Problem requirements: Copy out exactly the lines below that run from the one holding "nat_cont_atB (mu_term_nat_cont_at B1" to the one holding "(abs : K -> R)", keeping both of those lines and no others.

Records supplied:
--- START ---

Lemma conv_one_minus_x_star x :
  conv abs (one_minus_x_star abs y) phi x = ssum abs (conv_term^~ x).
Proof.
rewrite /conv; congr ssum; apply: functional_extensionality => n.
rewrite /conv_term /conv_coef; congr (_ * _); apply: eq_bigr => k _.
by rewrite mahler_one_minus_x_star.
Qed.

Lemma ssum_mu_term_nat m : ssum abs (mu_term^~ m%:R) = ssum abs (conv_term^~ m%:R).
Proof.
rewrite (ssum_fin (N := m.+1)); last first.
  by move=> n hn; rewrite /mu_term binomK_nat bin_small // mulr0 mul0r.
rewrite (ssum_fin (N := m.+1)); last first.
  by move=> n hn; rewrite /conv_term binomK_nat bin_small // mulr0.
rewrite -(big_mkord xpredT (fun n => mu_term n m%:R)).
rewrite -(big_mkord xpredT (fun n => conv_term n m%:R)).
have -> : \sum_(0 <= n < m.+1) mu_term n m%:R
        = \sum_(0 <= n < m.+1) star_coef n * 'C(m, n)%:R * phi (m - n)%N%:R.
  rewrite big_nat_cond [in RHS]big_nat_cond.
  apply: eq_bigr => n /andP [/andP [_ hn] _].
  by rewrite /mu_term binomK_nat natrB.
rewrite (binomial_convolution star_coef (fun k => phi k%:R)); apply: eq_bigr => N _.
rewrite /conv_term /conv_coef binomK_nat big_mkord; congr (_ * _).
by apply: eq_bigr => k _; rewrite mahler_nat.
Qed.

Lemma Top_eq_integral_mu x :
  Top abs x phi y = integral_mu abs phi x (one_minus_x_star abs y).
Proof. by rewrite integral_mu_one_minus_x_star. Qed.

Lemma conv_term_nat_cont_at n x : Zp x -> nat_cont_at (conv_term n) x.
Proof.
move=> hx; have C0 : 0 < 1 + abs (conv_coef n) by rewrite ltr_wpDr ?abs_ge0.
apply: (nat_cont_atM hx C0 _ _ (nat_cont_at_cst _ _) (nat_cont_at_binomK n hx)).
  by move=> _ _; rewrite lerDr.
by move=> z hz; apply: le_trans (abs_binomK_le1 n hz) _; rewrite lerDl abs_ge0.
Qed.

Section Bounded.
Variables (B : R).
Hypotheses (B1 : 1 <= B) (hB : forall z, Zp z -> abs (phi z) <= B).

Lemma conv_coef_tends0 : tends0 conv_coef.
Proof.
have B0 : 0 < B by apply: lt_le_trans B1; exact: ltr01.
have hM j : abs (mahler phi j) <= B.
  by rewrite mahler_nat; apply: abs_iter_fdiff_le => m; apply: hB; exact: Zp_nat.
move=> e e0; have [N1 hN1] := star_coef_tends0 (divr_gt0 e0 B0).
have [N2 hN2] := mahler_tends0 hphi e0; exists (N1 + N2)%N => n hn.
apply: abs_sum_lt => // k _; rewrite -mulrA absM; apply: le_lt_trans (ler_piMl _ (abs_nat_le1 _)) _.
  exact: abs_ge0.
rewrite absM; case: (leqP N1 k) => hk.
  apply: (le_lt_trans (y := abs (star_coef k) * B)); first by rewrite ler_wpM2l ?abs_ge0.
  by rewrite -ltr_pdivlMr //; apply: hN1.
apply: le_lt_trans (ler_piMl (abs_ge0 _) (abs_star_coef_le1 k)) _.
by apply: hN2; move: hn hk (ltn_ord k); lia.
Qed.

Lemma mu_term_unif_tends0 : unif_tends0 mu_term.
Proof.
have B0 : 0 < B by apply: lt_le_trans B1; exact: ltr01.
move=> e e0; have [N hN] := star_coef_tends0 (divr_gt0 e0 B0).
exists N => n hn z hz; rewrite /mu_term -mulrA absM.
apply: (le_lt_trans (y := abs (star_coef n) * B)); last by rewrite -ltr_pdivlMr //; apply: hN.
rewrite ler_wpM2l ?abs_ge0 // absM.
apply: le_trans (_ : abs (phi (z - n%:R)) <= B); last exact/hB/Zp_subn.
by rewrite ler_piMl ?abs_ge0 ?abs_binomK_le1.
Qed.

Lemma conv_term_unif_tends0 : unif_tends0 conv_term.
Proof.
move=> e e0; have [N hN] := conv_coef_tends0 e0.
exists N => n hn z hz; rewrite /conv_term absM; apply: le_lt_trans (hN n hn).
by rewrite ler_piMr ?abs_ge0 ?abs_binomK_le1.
Qed.

Lemma mu_term_nat_cont_at n x : Zp x -> nat_cont_at (mu_term n) x.
Proof.
move=> hx; have B0 : 0 < B by apply: lt_le_trans B1; exact: ltr01.
apply: (nat_cont_atM hx B0 _ _ _ (nat_cont_at_comp_subn n hphi hx)).
- move=> z hz; rewrite absM; apply: le_trans B1.
  by rewrite -[1]mulr1 ler_pM ?abs_ge0 ?abs_star_coef_le1 ?abs_binomK_le1.
- by move=> z hz; apply/hB/Zp_subn.
apply: (nat_cont_atM hx ltr01); first by move=> *; exact: abs_star_coef_le1.
  by move=> z hz; exact: abs_binomK_le1.
by apply: nat_cont_at_cst.
exact: nat_cont_at_binomK.
Qed.

End Bounded.

Lemma integral_mu_eq_conv x : Zp x ->
  integral_mu abs phi x (one_minus_x_star abs y) = conv abs (one_minus_x_star abs y) phi x.
Proof.
move=> hx; have [B B1 hB] := cont_on_Zp_bounded hphi.
rewrite integral_mu_one_minus_x_star conv_one_minus_x_star.
apply: (ssum_eq_from_nat hx (mu_term_unif_tends0 B1 hB) (conv_term_unif_tends0 B1 hB)
  _ ssum_mu_term_nat) => N.
exact: (nat_cont_at_sum N (fun n =>
  nat_cont_atB (mu_term_nat_cont_at B1 hB n hx) (conv_term_nat_cont_at n hx))).
Qed.

End Convolution.

End Ultrametric.

Theorem proposition6p8 (p : nat) (K : closedFieldType) (R : realType)
  (abs : K -> R) (hp : prime p) (hK : is_Cp p abs)
  (phi : K -> K) (hphi : cont_on_Zp abs phi)
  (x y : K) (hx : Zp_set abs x) (hy : Zp_set abs y) :
  Top abs x phi y = integral_mu abs phi x (one_minus_x_star abs y)
  /\ integral_mu abs phi x (one_minus_x_star abs y)
     = conv abs (one_minus_x_star abs y) phi x.
Proof.
split; first exact: Top_eq_integral_mu hp hK phi y x.
exact: (integral_mu_eq_conv hp hK hphi hy hx).
Qed.
(* Let $d\ge 2$ and let $\rho$ be a diagonal symmetric state on $\mathbb{C}^d\otimes\mathbb{C}^d$ that is PPT, with associated matrix $M=M(\rho)$. Let $\ket{u}=\frac{1}{\sqrt d}(1,\dots,1)^T\in\mathbb{R}^d$ and let $M^{+}$ denote the Moore–Penrose pseudo-inverse of $M$. Suppose there exists $\varepsilon\ge 0$ such that (1) $\varepsilon\le M_{ij}$ for all $0\le i,j<d$; (2) $\ket{u}$ lies in the range of $M$ and $\varepsilon d\le \left(\bra{u}M^{+}\ket{u}\right)^{-1}$; (3) for all $0\le i<d$, $M_{ii}+\varepsilon(d-2)\ge\sum_{j\ne i}M_{ji}$. Then $\rho$ is separable.
   Context: Let $\{\ket{0},\dots,\ket{d-1}\}$ be the computational basis of $\mathbb{C}^d$. Define $\ket{D_{ii}}=\ket{ii}$ and, for $i<j$, $\ket{D_{ij}}=(\ket{ij}+\ket{ji})/\sqrt{2}$. A state $\rho$ on $\mathbb{C}^d\otimes\mathbb{C}^d$ is diagonal symmetric (DS) if $\rho=\sum_{0\le i\le j<d}p_{ij}\ket{D_{ij}}\bra{D_{ij}}$ with $p_{ij}\ge 0$ and $\sum_{i\le j}p_{ij}=1$; set $p_{ji}=p_{ij}$. Its associated matrix $M(\rho)$ is the real symmetric $d\times d$ matrix with $M(\rho)_{ii}=p_{ii}$ and $M(\rho)_{ij}=p_{ij}/2$ for $i\ne j$ (the paper writes $\rho_{ij}$ for the entries of $M(\rho)$). $\rho$ is PPT if its partial transpose with respect to the computational basis of the second factor is positive semidefinite. A state is separable if it is a convex combination of product states $\rho^A\otimes\rho^B$. *)

(* Complex numbers are R[i] (mathcomp-real-closed) over an
   arbitrary R : realType (the real numbers, up to isomorphism). *)
From HB Require Import structures.
From mathcomp Require Import all_boot all_order all_algebra.
From mathcomp Require Import complex mxtens.
From mathcomp Require Import reals.
Set Implicit Arguments. Unset Strict Implicit. Unset Printing Implicit Defensive.
Import Order.TTheory GRing.Theory Num.Theory.
Local Open Scope ring_scope.

Definition cr {R : realType} (x : R) : R[i] := Complex x 0.

Definition adj {R : realType} {m n : nat} (A : 'M[R[i]]_(m, n)) : 'M[R[i]]_(n, m) :=
  \matrix_(i, j) Num.conj (A j i).

Definition psd {R : realType} {n : nat} (A : 'M[R[i]]_n) : Prop :=
  adj A = A /\ forall v : 'cV[R[i]]_n, 0 <= (adj v *m A *m v) 0 0.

--- END ---

Exercise answer:
  nat_cont_atB (mu_term_nat_cont_at B1 hB n hx) (conv_term_nat_cont_at n hx))).
Qed.

End Convolution.

End Ultrametric.

Theorem proposition6p8 (p : nat) (K : closedFieldType) (R : realType)
  (abs : K -> R) (hp : prime p) (hK : is_Cp p abs)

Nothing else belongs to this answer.